The 2010–11 season was the 112th season of competitive league football in the history of English football club Wolverhampton Wanderers. The club competed in the Premier League, the highest level of English football, for a second consecutive season.

Although this season was the club's 62nd at the top level of English football, it was the first time they had faced consecutive campaigns in the highest division since 1981–82. The previous season had seen them survive their return to the highest level with a 15th-place finish, eight points above the relegation zone.

The club survived for a second successive season after finishing 17th, one place above the relegation zone. Despite losing their final fixture, results elsewhere on the final day kept Wolves one point ahead of the bottom three teams.

Season review
Preparing for their second consecutive season in the Premier League, the club made five new additions. Beside turning the loan of Adlène Guedioura into a permanent deal, the summer also saw the arrival of Belgian international defender Jelle Van Damme, and two players captured from relegated Hull City - Steven Mouyokolo and Stephen Hunt; the latter ending a pursuit that had begun during the previous transfer window. Their most expensive new addition was striker Steven Fletcher who equalled the club's record fee of £6.5 million in joining from another relegated side, Burnley. For a third successive season, England under-21 defender Michael Mancienne joined on loan from Chelsea.

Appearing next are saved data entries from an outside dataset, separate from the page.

(* Let $G=(V,E,(p_{uv})_{(u,v)\in E})$ be an influence graph. For every partial realisation $\psi$, all partial realisations $\hat\psi,\hat\psi'$ with $\hat\psi\subseteq\hat\psi'$, and every $v\in V$, we have $\Delta^2_\psi(v\mid\hat\psi)\ge\Delta^2_\psi(v\mid\hat\psi')$ (the strong 2-level diffusion model is strongly adaptive submodular).
   Context: $G$ is a directed graph with activation probabilities $p_{uv}\in[0,1]$. $\mathbf L,\hat{\mathbf L}$ are independent random subsets of $E$, each containing every edge $(u,w)$ independently with probability $p_{uw}$. For $L\subseteq E$, $T\subseteq V$, $\sigma_L(T)$ is the number of nodes reachable by a directed path (length $\ge0$) in $(V,L)$ from $T$. For $T\subseteq V$, $\mathbf L^2(T):=\mathbf L\cup(\hat{\mathbf L}\cap\{(u,w)\in E:u\in T\})$. Realisations: $\Phi(u):=\{u\}\cup\{z:(u,z)\in\mathbf L\}$, $\hat\Phi(u):=\{u\}\cup\{z:(u,z)\in\hat{\mathbf L}\}$. A partial realisation $\psi$ is the restriction of $u\mapsto\{u\}\cup\{z:(u,z)\in L\}$ (for some $L\subseteq E$) to a set $dom(\psi)\subseteq V$; $\psi\subseteq\psi'$ means $dom(\psi)\subseteq dom(\psi')$ and they agree on $dom(\psi)$; $\psi\subseteq\Phi$ is the event $\Phi(u)=\psi(u)$ for all $u\in dom(\psi)$ (similarly for $\hat\Phi$). For $T\subseteq V$, $\sigma^2_{\mathbf L,\hat{\mathbf L},\psi}(T):=\sigma_{\mathbf L^2(T\setminus dom(\psi))}(T)$. Define $\Delta^2_\psi(v\mid\hat\psi):=\mathbb{E}\big[\sigma^2_{\mathbf L,\hat{\mathbf L},\psi}(\{v\}\cup dom(\psi)\cup dom(\hat\psi))-\sigma^2_{\mathbf L,\hat{\mathbf L},\psi}(dom(\psi)\cup dom(\hat\psi))\,\big|\,\psi\subseteq\Phi,\hat\psi\subseteq\hat\Phi\big]$ (conditional expectations are taken on events of positive probability). *)

From HB Require Import structures.
From mathcomp Require Import all_boot all_order all_algebra.
Set Implicit Arguments. Unset Strict Implicit. Unset Printing Implicit Defensive.
Import Order.TTheory GRing.Theory Num.Theory.
Local Open Scope ring_scope.

Section Defs.
Variables (V : finType).

Definition sigma (L : {set V * V}) (T : {set V}) : nat :=
  #|[set x | [exists t in T, connect (fun a b => (a, b) \in L) t x]]|.

Definition L2 (L Lh : {set V * V}) (T : {set V}) : {set V * V} :=
  L :|: [set e in Lh | e.1 \in T].

Definition Phi (L : {set V * V}) (u : V) : {set V} :=
  u |: [set z | (u, z) \in L].

(* A partial realisation is a partial map V -> {set V} (None = outside the domain) *)
Definition preal := V -> option {set V}.

Definition dom (psi : preal) : {set V} := [set u | psi u != None].

Definition is_partial_realisation (E : {set V * V}) (psi : preal) : Prop :=
  exists L : {set V * V}, L \subset E /\
    forall u, u \in dom psi -> psi u = Some (Phi L u).

Definition preal_sub (psi psi' : preal) : Prop :=
  dom psi \subset dom psi' /\ forall u, u \in dom psi -> psi' u = psi u.

Definition consistent (psi : preal) (L : {set V * V}) : bool :=
  [forall u, (u \in dom psi) ==> (psi u == Some (Phi L u))].

Definition sigma2 (psi : preal) (L Lh : {set V * V}) (T : {set V}) : nat :=
  sigma (L2 L Lh (T :\: dom psi)) T.

Variables (R : realFieldType) (E : {set V * V}) (p : V -> V -> R).

Definition probL (L : {set V * V}) : R :=
  \prod_(e in E) (if e \in L then p e.1 e.2 else 1 - p e.1 e.2).

Definition prob_event (psi psih : preal) : R :=
  \sum_(L : {set V * V} | L \subset E) \sum_(Lh : {set V * V} | Lh \subset E)
    probL L * probL Lh * (consistent psi L && consistent psih Lh)%:R.

Definition Delta2 (psi psih : preal) (v : V) : R :=
  (\sum_(L : {set V * V} | L \subset E) \sum_(Lh : {set V * V} | Lh \subset E)
    probL L * probL Lh * (consistent psi L && consistent psih Lh)%:R *
    ((sigma2 psi L Lh (v |: (dom psi :|: dom psih)))%:R
       - (sigma2 psi L Lh (dom psi :|: dom psih))%:R))
  / prob_event psi psih.

End Defs.

From HB Require Import structures.
From mathcomp Require Import all_boot all_order all_algebra.
From mathcomp Require Import ring lra.
Set Implicit Arguments. Unset Strict Implicit. Unset Printing Implicit Defensive.
Import Order.TTheory GRing.Theory Num.Theory.
Local Open Scope ring_scope.

(* For fixed edge sets, T |-> sigma^2(T) is the cardinality of a monotone set
   map whose value on T :|: T' lies in the union of its values on T and T':
   the extra edges of Lh used from T :|: T' all leave a seed of T or of T'.
   Hence it is submodular, and the gain of v can only shrink when the seed set
   grows from dom psi :|: dom psih to dom psi :|: dom psih'.  Conditioning on
   psih' instead of psih further constrains only the edges of Lh leaving
   A = dom psih' :\: dom psih.  When v is not already seeded, the gain at the
   smaller seed set ignores those edges, so by independence of the edges the
   extra conditioning leaves its conditional expectation unchanged. *)

Section SetFacts.
Variable T : finType.
Implicit Types (f : {set T} -> {set T}) (A B E S X Y : {set T}).

Lemma card_setU_setI_le f A B :
  {homo f : X Y / X \subset Y} ->
  f (A :|: B) \subset f A :|: f B ->
  (#|f (A :|: B)| + #|f (A :&: B)| <= #|f A| + #|f B|)%N.
Proof.
move=> f_mono f_subU; rewrite -(cardsUI (f A)) leq_add ?subset_leq_card //.
by rewrite subsetI !f_mono ?subsetIl ?subsetIr.
Qed.

Lemma setIU_part E S X Y : X \subset E :&: S -> Y \subset E :\: S ->
  (X :|: Y) :&: S = X.
Proof.
move=> /subsetP XS /subsetP YS; apply/setP => e; rewrite !inE.
by case: (boolP (e \in X)) => [/XS|_]; case: (boolP (e \in Y)) => [/YS|_];
  rewrite ?inE /=; case: (e \in S); rewrite ?andbF ?andbT.
Qed.

Lemma setDU_part E S X Y : X \subset E :&: S -> Y \subset E :\: S ->
  (X :|: Y) :\: S = Y.
Proof.
move=> /subsetP XS /subsetP YS; apply/setP => e; rewrite !inE.
by case: (boolP (e \in X)) => [/XS|_]; case: (boolP (e \in Y)) => [/YS|_];
  rewrite ?inE /=; case: (e \in S); rewrite ?andbF ?andbT.
Qed.

End SetFacts.

Section Reach.
Variable V : finType.
Implicit Types (G : {set V * V}) (T : {set V}).

Definition reach G T :=
  [set x | [exists t in T, connect (fun a b => (a, b) \in G) t x]].

Lemma reach_src G T x : x \in T -> x \in reach G T.
Proof. by move=> xT; rewrite inE; apply/existsP; exists x; rewrite xT connect0. Qed.

Lemma reach_step G T a b : a \in reach G T -> (a, b) \in G -> b \in reach G T.
Proof.
rewrite !inE => /existsP [t /andP [tT ct]] ab; apply/existsP; exists t.
by rewrite tT (connect_trans ct) ?connect1.
Qed.

Lemma reach_min G T (P : {set V}) : T \subset P ->
  (forall a b, a \in P -> (a, b) \in G -> b \in P) -> reach G T \subset P.
Proof.
move=> /subsetP TP P_closed; apply/subsetP => x; rewrite inE.
case/existsP => t /andP [/TP tP /connectP [s + ->]].
by elim: s t tP => [|y s IHs] t tP //= /andP [ty]; apply: IHs; apply: P_closed ty.
Qed.

Lemma reach_mono G G' T T' : G \subset G' -> T \subset T' ->
  reach G T \subset reach G' T'.
Proof.
move=> /subsetP GG' /subsetP TT'; apply: reach_min => [|a b aR /GG'].
  by apply/subsetP => x /TT'; apply: reach_src.
exact: reach_step.
Qed.

End Reach.

Section Spread.
Variable V : finType.
Implicit Types (psi : preal V) (L Lh : {set V * V}) (A T : {set V}).

Definition out_edges A : {set V * V} := [set e | e.1 \in A].

Lemma in_out_edges A e : (e \in out_edges A) = (e.1 \in A).
Proof. by rewrite inE. Qed.

Lemma L2E L Lh T : L2 L Lh T = L :|: Lh :&: out_edges T.
Proof. by apply/setP => e; rewrite !inE. Qed.

Definition spread psi L Lh T := reach (L2 L Lh (T :\: dom psi)) T.

Lemma sigma2E psi L Lh T : sigma2 psi L Lh T = #|spread psi L Lh T|.
Proof. by []. Qed.

Lemma spread_mono psi L Lh : {homo spread psi L Lh : T T' / T \subset T'}.
Proof.
move=> T T' TT'; apply: reach_mono => //; rewrite !L2E setUS ?setIS //.
by apply/subsetP => e; rewrite !inE => /andP [-> /(subsetP TT') ->].
Qed.

Lemma spread_subU psi L Lh T T' :
  spread psi L Lh (T :|: T') \subset spread psi L Lh T :|: spread psi L Lh T'.
Proof.
apply: reach_min => [|a b aR].
  by apply: setUSS; apply/subsetP => x; apply: reach_src.
rewrite L2E => /setUP [abL | /setIP [abLh]].
  by case/setUP: aR => aR; rewrite in_setU (reach_step aR) ?orbT // L2E inE abL.
rewrite inE /= in_setD in_setU => /andP [adp /orP [aT | aT']]; rewrite in_setU.
  by rewrite (reach_step (reach_src _ aT)) // L2E in_setU in_setI abLh
     in_out_edges in_setD adp aT orbT.
by rewrite (reach_step (reach_src _ aT')) ?orbT // L2E in_setU in_setI abLh
   in_out_edges in_setD adp aT' orbT.
Qed.

Lemma sigma2_setU1 psi L Lh T v :
  (sigma2 psi L Lh T <= sigma2 psi L Lh (v |: T))%N.
Proof. by rewrite !sigma2E subset_leq_card // spread_mono // subsetUr. Qed.

Lemma sigma2_submod psi L Lh T T' v : T \subset T' ->
  (sigma2 psi L Lh (v |: T') + sigma2 psi L Lh T
     <= sigma2 psi L Lh (v |: T) + sigma2 psi L Lh T')%N.
Proof.
move=> TT'; rewrite !sigma2E.
have -> : v |: T' = (v |: T) :|: T' by rewrite -setUA (setUidPr TT').
apply: leq_trans (card_setU_setI_le (spread_mono _ _ _) (spread_subU _ _ _ _ _)).
by rewrite leq_add2l subset_leq_card // spread_mono // subsetI subsetUr TT'.
Qed.

End Spread.

Section Locality.
Variable V : finType.
Implicit Types (psi : preal V) (L Lh : {set V * V}) (A T : {set V}).

Lemma Phi_setI_out_edges L A u : u \in A -> Phi (L :&: out_edges A) u = Phi L u.
Proof. by move=> uA; apply/setP => z; rewrite !inE /= uA andbT. Qed.

Lemma Phi_setD_out_edges L A u : u \notin A -> Phi (L :\: out_edges A) u = Phi L u.
Proof. by move=> uA; apply/setP => z; rewrite !inE /= (negbTE uA). Qed.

Those players not involved in the World Cup Finals resumed training at their Sir Jack Hayward training ground on 28 June, before travelling for a four-day stay in Dublin, where they undertook their first pre-season game. Preparations were completed with the only home friendly, a game against La Liga side Atletico Bilbao.

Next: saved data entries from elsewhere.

Lemma tau_spmx s t : s != t -> tau_mx s t = spmx (sign_at s) (tperm s t).
Proof.
move=> st; apply/matrixP=> i j; rewrite !mxE ffunE.
have ts : t != s by rewrite eq_sym.
case: (eqVneq j s) => [->|js]; last case: (eqVneq j t) => [->|jt];
  case: tpermP => [->|->|/eqP ni /eqP nt];
  rewrite ?eqxx ?(negbTE st) ?(negbTE ts) ?(negbTE ni) ?(negbTE nt) ?oppr0 //.
- by rewrite !(eq_sym _ j) (negbTE js) (negbTE jt).
- by rewrite !(eq_sym _ j) (negbTE js) (negbTE jt).
- by case: eqVneq.
Qed.

Lemma parityE b : parity b = odd #|[set i | b i]|.
Proof.
rewrite -sum1_card big_mkcond /= /parity.
rewrite (big_morph odd (id1 := false) (op1 := addb) oddD) //.
by apply: eq_bigr => i _; rewrite inE; case: (b i).
Qed.

Lemma parity_mul b p c : parity (signs_mul b p c) = parity b (+) parity c.
Proof.
rewrite /parity [X in _ = _ (+) X](reindex_inj (@perm_inj _ p)) /= -big_split /=.
by apply: eq_bigr => i _; rewrite ffunE.
Qed.

Lemma parity_inv b p : parity (signs_inv b p) = parity b.
Proof.
rewrite /parity (reindex_inj (@perm_inj _ p)) /=.
by apply: eq_bigr => i _; rewrite ffunE permK.
Qed.

Lemma parity0 : parity signs0 = false.
Proof. by rewrite /parity big1 // => i _; rewrite ffunE. Qed.

Lemma parity_flip b k : parity (signs_flip b k) = parity b (+) (odd n && k).
Proof.
have -> : odd n && k = parity [ffun _ => k].
  rewrite parityE; case: k; rewrite ?andbT ?andbF.
    by rewrite -[n in odd n]card_ord; congr odd; apply: eq_card => i;
      rewrite inE ffunE.
  by rewrite (_ : [set i | _] = set0) ?cards0 //; apply/setP=> i; rewrite !inE ffunE.
by rewrite /parity -big_split /=; apply: eq_bigr => i _; rewrite !ffunE.
Qed.
(* Let $G=(V,E)$ be a weighted undirected graph with $n$ labeled vertices and let $k\ge1$. The running time of Algorithm 2 (described in the context), with priority queues implemented as Fibonacci heaps, is $O(k|E|+k|V|\log|V|)$.
   Context: Fibonacci heap: insert and decrease-key cost $O(1)$ amortized, pop-minimum costs $O(\log$ size$)$. Algorithm 2: input an undirected graph $G=(V,E,w)$ with non-negative weights, labeled set $\mathcal L\subseteq V$, and $k$. It keeps a global min-priority queue $Q$ of vertices and, for each $v\in V$, a local min-priority queue $Q_v$ of seeds, a list kNN$[v]$ (initially empty) and a set $S_v$ (initially empty). Initially for each $v\in\mathcal L$: insert $v$ into $Q$ with priority $0$ and $v$ into $Q_v$ with priority $0$. While $Q$ is nonempty: pop the minimum $(v_0,\mathrm{dist})$ from $Q$; pop the minimum $(\mathrm{seed},\mathrm{dist})$ from $Q_{v_0}$; add $\mathrm{seed}$ to $S_{v_0}$; append $(\mathrm{seed},\mathrm{dist})$ to kNN$[v_0]$; if kNN$[v_0]$ has fewer than $k$ entries and $Q_{v_0}$ is nonempty, insert $v_0$ into $Q$ with priority equal to the current minimum priority of $Q_{v_0}$; then for every neighbour $v$ of $v_0$ with fewer than $k$ entries in kNN$[v]$ and $\mathrm{seed}\notin S_v$, perform decrease-or-insert of $\mathrm{seed}$ in $Q_v$ and of $v$ in $Q$, both with priority $\mathrm{dist}+w(v_0,v)$ (lower the priority if present, otherwise insert). *)

(* Model of Algorithm 2 (multi-source k-nearest-labeled-vertices
   search) as a nondeterministic state machine, with an explicit cost model for
   Fibonacci-heap operations (amortized costs). *)
From HB Require Import structures.
From mathcomp Require Import all_boot all_order all_algebra.
Set Implicit Arguments. Unset Strict Implicit. Unset Printing Implicit Defensive.
Import Order.TTheory GRing.Theory Num.Theory.
Local Open Scope ring_scope.

Section Algo.
Variables (R : realDomainType) (V : finType).
(* Undirected simple graph: an edge is a 2-element subset of V. *)
Variable E : {set {set V}}.
(* Weight of the edge {u,v} is w [set u; v]. *)
Variable w : {set V} -> R.
Variable L : {set V}.
Variable k : nat.

Definition adj (u v : V) : bool := [set u; v] \in E.

(* An (abstract) min-priority queue with keys in V: key |-> Some priority,
   or None if the key is absent. *)
Definition pqueue := V -> option R.

Definition pq_size (q : pqueue) : nat := #|[pred x | isSome (q x)]|.

Definition pq_is_min (q : pqueue) (x : V) (d : R) : Prop :=
  q x = Some d /\ forall y d', q y = Some d' -> d <= d'.

Definition pq_remove (q : pqueue) (x : V) : pqueue :=
  fun y => if y == x then None else q y.

Definition pq_insert (q : pqueue) (x : V) (d : R) : pqueue :=
  fun y => if y == x then Some d else q y.

Definition pq_decr_or_insert (q : pqueue) (x : V) (d : R) : pqueue :=
  fun y => if y == x then
             match q x with Some d0 => Some (Num.min d0 d) | None => Some d end
           else q y.

Record state := State {
  sQ   : pqueue;                 (* global queue of vertices *)
  sQv  : V -> pqueue;            (* local queue of seeds, per vertex *)
  sKNN : V -> seq (V * R);
  sS   : V -> {set V}
}.

Definition init_state : state :=
  State (fun v => if v \in L then Some 0 else None)
        (fun v s => if (v \in L) && (s == v) then Some 0 else None)
        (fun _ => [::])
        (fun _ => set0).

(* Cost of initialisation: creating the per-vertex structures, plus 2 inserts
   per labeled vertex. *)
Definition init_cost : nat := #|V| + 2 * #|L|.

(* Amortized cost of a Fibonacci-heap pop-minimum on a heap of size s. *)
Definition pop_cost (s : nat) : nat := (trunc_log 2 s).+1.

(* One iteration of the while loop, with its cost c:
   two pops, the append, a find-min and (possibly) an insert of v0 into Q,
   and, for each neighbour v of v0, the test plus (possibly) two
   decrease-or-insert operations. All O(1) operations are charged 1. *)
Definition step (s : state) (c : nat) (s' : state) : Prop :=
  exists (v0 : V) (d0 : R) (seed : V) (dist : R),
    pq_is_min (sQ s) v0 d0 /\
    pq_is_min (sQv s v0) seed dist /\
    let Q1 := pq_remove (sQ s) v0 in
    let Qv0 := pq_remove (sQv s v0) seed in
    let S1 := fun v => if v == v0 then seed |: sS s v0 else sS s v in
    let kNN1 := fun v => if v == v0 then rcons (sKNN s v0) (seed, dist)
                         else sKNN s v in
    let cond := fun v => [&& adj v0 v, (size (kNN1 v) < k)%N & seed \notin S1 v] in
    exists Q2 : pqueue,
      (if (size (kNN1 v0) < k)%N && (0 < pq_size Qv0)%N
       then exists seed' m, pq_is_min Qv0 seed' m /\ Q2 = pq_insert Q1 v0 m
       else Q2 = Q1) /\
      s' = State
             (fun v => if cond v then pq_decr_or_insert Q2 v (dist + w [set v0; v]) v
                       else Q2 v)
             (fun v => if cond v
                       then pq_decr_or_insert (if v == v0 then Qv0 else sQv s v)
                              seed (dist + w [set v0; v])
                       else if v == v0 then Qv0 else sQv s v)
             kNN1 S1 /\
      c = (pop_cost (pq_size (sQ s)) + pop_cost (pq_size (sQv s v0)) + 3
           + 3 * #|[set v | adj v0 v]|)%N.

Inductive reach : state -> nat -> Prop :=
| reach_init : reach init_state init_cost
| reach_step s c c' s' : reach s c -> step s c' s' -> reach s' (c + c').

End Algo.

From HB Require Import structures.
From mathcomp Require Import all_boot all_order all_algebra zify.
Import Order.TTheory GRing.Theory Num.Theory.

Set Implicit Arguments. Unset Strict Implicit. Unset Printing Implicit Defensive.

(* Every iteration pops some v0 from Q and appends one entry to kNN[v0].  A
   vertex is in Q only while its list has fewer than k entries, so each list
   ends with at most k entries.  All heaps hold at most |V| keys, so the
   iteration that appends to kNN[v0] costs at most 2 log|V| + O(1) + 3 deg v0.
   Charging that cost to the appended entry bounds the total by
   init + k * sum_v (2 log|V| + O(1) + 3 deg v), and sum_v deg v <= 2|E|. *)

Section Handshake.
Variables (V : finType) (E : {set {set V}}).

Definition degree (v : V) : nat := #|[set u | adj E v u]|.

Lemma degree_le_card_incident v : (degree v <= #|[set e in E | v \in e]|)%N.
Proof.
have set2_inj : injective (fun u : V => [set v; u]).
  move=> u u' /setP eq_vu.
  have := eq_vu u; rewrite !inE eqxx orbT => /esym/orP[/eqP vu|/eqP //].
  by move: (eq_vu u'); rewrite !inE eqxx orbT vu orbb => /eqP.
rewrite /degree -(card_imset _ set2_inj); apply: subset_leq_card.
by apply/subsetP => _ /imsetP[u + ->]; rewrite !inE /adj eqxx => ->.
Qed.

Lemma sum_card_incident :
  (\sum_v #|[set e in E | v \in e]| = \sum_(e in E) #|e|)%N.
Proof.
transitivity (\sum_v \sum_(e in E) (v \in e : nat))%N.
  apply: eq_bigr => v _; rewrite -sum1dep_card big_mkcond /= [RHS]big_mkcond /=.
  by apply: eq_bigr => e _; case: (e \in E); case: (v \in e).
rewrite exchange_big /=; apply: eq_bigr => e _.
by rewrite -sum1_card [RHS]big_mkcond; apply: eq_bigr => v _; case: (v \in e).
Qed.

Lemma sum_degree_le_two_edges :
  (forall e, e \in E -> #|e| = 2) -> (\sum_v degree v <= 2 * #|E|)%N.
Proof.
move=> card_edge.
apply: (@leq_trans (\sum_v #|[set e in E | v \in e]|)).
  by apply: leq_sum => v _; apply: degree_le_card_incident.
by rewrite sum_card_incident (eq_bigr _ card_edge) sum_nat_const mulnC.
Qed.

End Handshake.

Lemma pop_cost_pq_le (R : realDomainType) (V : finType) (q : pqueue R V) :
  (pop_cost (pq_size q) <= pop_cost #|V|)%N.
Proof. by rewrite ltnS leq_trunc_log ?max_card. Qed.

Section Execution.
Variables (R : realDomainType) (V : finType) (E : {set {set V}})
  (w : {set V} -> R) (L : {set V}) (k : nat).

Definition step_charge (v : V) : nat := 2 * pop_cost #|V| + 3 + 3 * degree E v.

Lemma step_spec s c s' : step E w k s c s' ->
  exists v0 : V, [/\ isSome (sQ s v0),
    forall v, size (sKNN s' v) = (size (sKNN s v) + (v == v0))%N,
    forall v, isSome (sQ s' v) ->
      ((v != v0) && isSome (sQ s v)) || (size (sKNN s' v) < k)%N
    & (c <= step_charge v0)%N].
Proof.
move=> [v0 [d0 [seed [dist [[Qv0 _] [_ [Q2 [Q2_def [-> ->]]]]]]]]] /=.
exists v0; split.
- by rewrite Qv0.
- by move=> v; case: eqP => [->|_]; rewrite ?size_rcons ?addn1 ?addn0.
- move=> v; case: ifP => [/and3P[_ lt_k _]|_]; first by rewrite lt_k orbT.
  move: Q2_def; case: ifP => [/andP[lt_k _] [seed' [m [_ ->]]]|_ ->];
    rewrite /pq_insert /pq_remove; case: eqP => [->|_] //=.
  + by rewrite eqxx in lt_k.
  + by move=> ->.
  + by move=> ->.
- rewrite /step_charge /degree.
  have := pop_cost_pq_le (sQ s); have := pop_cost_pq_le (sQv s v0); lia.
Qed.

Definition potential (s : state R V) : nat :=
  \sum_v size (sKNN s v) * step_charge v.

Lemma potential_step s s' v0 :
  (forall v, size (sKNN s' v) = size (sKNN s v) + (v == v0))%N ->
  potential s' = (potential s + step_charge v0)%N.
Proof.
move=> size_s'; rewrite /potential.
under eq_bigr => v _ do rewrite size_s' mulnDl.
rewrite big_split /=; congr (_ + _).
by rewrite (bigD1 v0) //= eqxx mul1n big1 ?addn0 // => v /negbTE ->.
Qed.

Definition kNN_bounded (s : state R V) : Prop :=
  forall v, (size (sKNN s v) + isSome (sQ s v) <= k)%N.

Hypothesis k_gt0 : (0 < k)%N.

Lemma reach_invariant :
  forall s c, reach E w L k s c ->
  kNN_bounded s /\ (c <= init_cost L + potential s)%N.
Proof.
move=> s0 c0; elim=> [|s c c' s' _ [bounded_s cost_s]
                        /step_spec[v0 [Qv0 size_s' Q_s' cost_step]]].
  split=> [v|]; last by rewrite /potential big1 ?addn0.
  by rewrite /=; case: (v \in L).
split; last by rewrite (potential_step size_s'); lia.
(* v0 was in Q, so kNN[v0] had room for the new entry. *)
move=> v; have := bounded_s v0; rewrite Qv0.
case: (sQ s' v) (Q_s' v) => [d /(_ isT)|_]; have := bounded_s v;
  rewrite /= size_s'; case: eqP => [->|_]; rewrite ?eqxx /=; case: (sQ s v) => //=; lia.
Qed.

Lemma potential_le s :
  kNN_bounded s -> (potential s <= k * \sum_v step_charge v)%N.
Proof.
move=> bounded_s; rewrite /potential big_distrr /=.
by apply: leq_sum => v _; rewrite leq_mul2r (leq_trans (leq_addr _ _) (bounded_s v)) orbT.
Qed.

End Execution.

Lemma sum_step_charge (V : finType) (E : {set {set V}}) :
  \sum_v step_charge E v =
  (#|V| * (2 * pop_cost #|V| + 3) + 3 * \sum_v degree E v)%N.
Proof. by rewrite big_split sum_nat_const -big_distrr /= mulnC. Qed.

Theorem theoremB3 :
  exists C : nat,
    forall (R : realDomainType) (V : finType) (E : {set {set V}})
           (w : {set V} -> R) (L : {set V}) (k : nat),
      (forall e, e \in E -> #|e| = 2) ->
      (forall e, e \in E -> (0 <= w e)%R) ->
      (1 <= k)%N ->
      forall (s : state R V) (c : nat),
        reach E w L k s c ->
        (c <= C * (k * #|E| + k * #|V| * (trunc_log 2 #|V|).+1))%N.
Proof.
(* The weights only affect priorities, never the cost. *)
exists 8 => R V E w L k card_edge _ k_gt0 s c /(reach_invariant k_gt0)[bounded_s cost_s].
have := potential_le E bounded_s; rewrite sum_step_charge.
set P := pop_cost #|V|; set D := (\sum_v degree E v)%N.
have kD_le : (k * D <= k * (2 * #|E|))%N.
  by rewrite leq_mul2l sum_degree_le_two_edges ?orbT.
have kV_le : (k * #|V| <= k * #|V| * P)%N by rewrite leq_pmulr.
have V_le : (#|V| <= k * #|V|)%N by rewrite leq_pmull.
rewrite -/(pop_cost #|V|) -/P /init_cost in cost_s *.
have := max_card L; lia.
Qed.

Competitive action began with a 2–1 victory over Stoke City, the first opening game Wolves had won since 1999. Two successive draws followed to push them up to fourth place, the highest position the club had occupied in the English football system since October 1979. However, after losing their unbeaten start with an injury time defeat at Fulham, the team tumbled down the table after a run of five defeats in their next six games.

Three points were finally gained after defeating big-spending Manchester City in late October, but a run of four successive losses followed. Two late goals at home to Sunderland swung the game in Wolves' favour to keep them in touch with fellow strugglers Wigan and West Ham at the end of November. December brought two defeats, but also two much-needed victories - against local rivals Birmingham City, and a shock win at Anfield; their first since 1984. 

The January transfer window saw the exit of Jelle Van Damme, who returned to Belgium after failing to settle in England. Two young players arrived in permanent deals - winger Adam Hammill from Championship team Barnsley, and Scottish forward Leigh Griffiths. On the field, the year began with a loss at relegation rivals West Ham before an unexpected win at home to reigning champions Chelsea. Three successive league defeats, and an exit from the FA Cup followed, before the team again turned the table on its head by ending Manchester United's 29-match unbeaten streak.

The first Black Country derby in the top flight for 27 years arrived in February, after snow had caused the original December date to be postponed.  The game ended all square, but only after West Bromwich Albion had canceled out loanee Jamie O'Hara's opener with a stoppage time equaliser. The next weekend saw Wolves record their biggest victory of the Premier League era, as they thumped Blackpool 4–0 to lift themselves out of the relegation zone for the first time since September. Four more points then followed, after games with Tottenham and Aston Villa.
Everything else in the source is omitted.